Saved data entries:
<<<<

(* Let $E$, $s$ and $\mathrm{Rel}(s,\cdot)$ be as follows, and let $\mathcal{I}$ be the layout-constraint family below. Let $T^*\in\arg\max_{T\in\mathcal{I}}\mathrm{Rel}(s,T)$ and let $\hat T$ be the output of the algorithm GreedyTimeline: start with $\hat T=\emptyset$; repeatedly let $C=\{e\in E\setminus\hat T:\hat T\cup\{e\}\in\mathcal{I}\}$ and, if $C\neq\emptyset$, add to $\hat T$ an element $e\in C$ maximizing the marginal gain $\mathrm{Rel}(s,\hat T\cup\{e\})-\mathrm{Rel}(s,\hat T)$; stop when $C=\emptyset$ and return $\hat T$. Then $\mathrm{Rel}(s,\hat T)\ge \tfrac13\,\mathrm{Rel}(s,T^* )$, for any subject $s$.
   Context: Events: $\mathcal{E}$ is a finite set of events over all subjects; $E\subseteq\mathcal{E}$ is the finite set of candidate events of subject $s$. Each event $e$ has a subject $\mathrm{Sub}(e)$, a related entity $\mathrm{RE}(e)$, a timestamp $\tau(e)\in\mathbb{R}$, an entity path $\pi_{RE}(e)$ and a time path $\pi_\tau(e)$. Nonnegative scores $\mathrm{E2ECooc}(x,y)\ge0$ (entity–entity), $\mathrm{E2DCooc}(x,t)\ge0$ (entity–date) and $\mathrm{GlobalImportance}(re)\ge0$ are given. With $0\le\lambda\le1$ and $w^e_1,w^e_2,w^e_3,w^d_1,w^d_2\ge0$, $\mathrm{Rel}(s,T)=\lambda(w^e_1\mathrm{E2E}(s,T)+w^e_2\mathrm{E2EPath}(T)+w^e_3\mathrm{G2E}(T))+(1-\lambda)(w^d_1\mathrm{E2D}(s,T)+w^d_2\mathrm{E2DPath}(T))$, where $\mathrm{E2E}(s,T)=\sum_{re\in\{\mathrm{RE}(e):e\in T\}}\mathrm{E2ECooc}(s,re)$, $\mathrm{G2E}(T)=\sum_{re\in\{\mathrm{RE}(e):e\in T\}}\mathrm{GlobalImportance}(re)$, $\mathrm{E2EPath}(T)=\sum_{p\in\{\pi_{RE}(e):e\in T\}}\operatorname{average}_{e\in\mathcal{E},\pi_{RE}(e)=p}\mathrm{E2ECooc}(\mathrm{Sub}(e),\mathrm{RE}(e))$, $\mathrm{E2D}(s,T)=\sum_{t\in\{\tau(e):e\in T\}}\mathrm{E2DCooc}(s,t)$, $\mathrm{E2DPath}(T)=\sum_{p\in\{\pi_\tau(e):e\in T\}}\operatorname{average}_{e\in\mathcal{E},\pi_\tau(e)=p}\mathrm{E2DCooc}(\mathrm{Sub}(e),\tau(e))$; all sums are over sets (each distinct value counted once). Layout constraint: fix a real $t_w>0$ and an integer $n\ge1$; $\mathcal{I}$ is the family of all $T\subseteq E$ with $|\{e\in T:\tau(e)\in[t,t+t_w)\}|\le n$ for every $t\in\mathbb{R}$. *)

From HB Require Import structures.
From mathcomp Require Import all_boot all_order all_algebra.
Set Implicit Arguments. Unset Strict Implicit. Unset Printing Implicit Defensive.
Import Order.TTheory GRing.Theory Num.Theory.
Local Open Scope ring_scope.

Section Relevance.
Variables (R : realFieldType) (Ev : finType) (Ent PRE PT : eqType).
(* Ev : the finite set of all events (curly E); Ent : entities (subjects and
   related entities); PRE / PT : entity paths / time paths *)
Variables (Sub RE : Ev -> Ent) (tau : Ev -> R) (piRE : Ev -> PRE) (piT : Ev -> PT).
Variables (E2ECooc : Ent -> Ent -> R) (E2DCooc : Ent -> R -> R) (GlobalImportance : Ent -> R).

>>>>

> EXERCISE GOAL
Copy, without any change, the run of lines from the one with "From HB Require Import structures." through the end of the entries above.

> THE ANSWER
From HB Require Import structures.
From mathcomp Require Import all_boot all_order all_algebra.
Set Implicit Arguments. Unset Strict Implicit. Unset Printing Implicit Defensive.
Import Order.TTheory GRing.Theory Num.Theory.
Local Open Scope ring_scope.

Section Relevance.
Variables (R : realFieldType) (Ev : finType) (Ent PRE PT : eqType).
(* Ev : the finite set of all events (curly E); Ent : entities (subjects and
   related entities); PRE / PT : entity paths / time paths *)
Variables (Sub RE : Ev -> Ent) (tau : Ev -> R) (piRE : Ev -> PRE) (piT : Ev -> PT).
Variables (E2ECooc : Ent -> Ent -> R) (E2DCooc : Ent -> R -> R) (GlobalImportance : Ent -> R).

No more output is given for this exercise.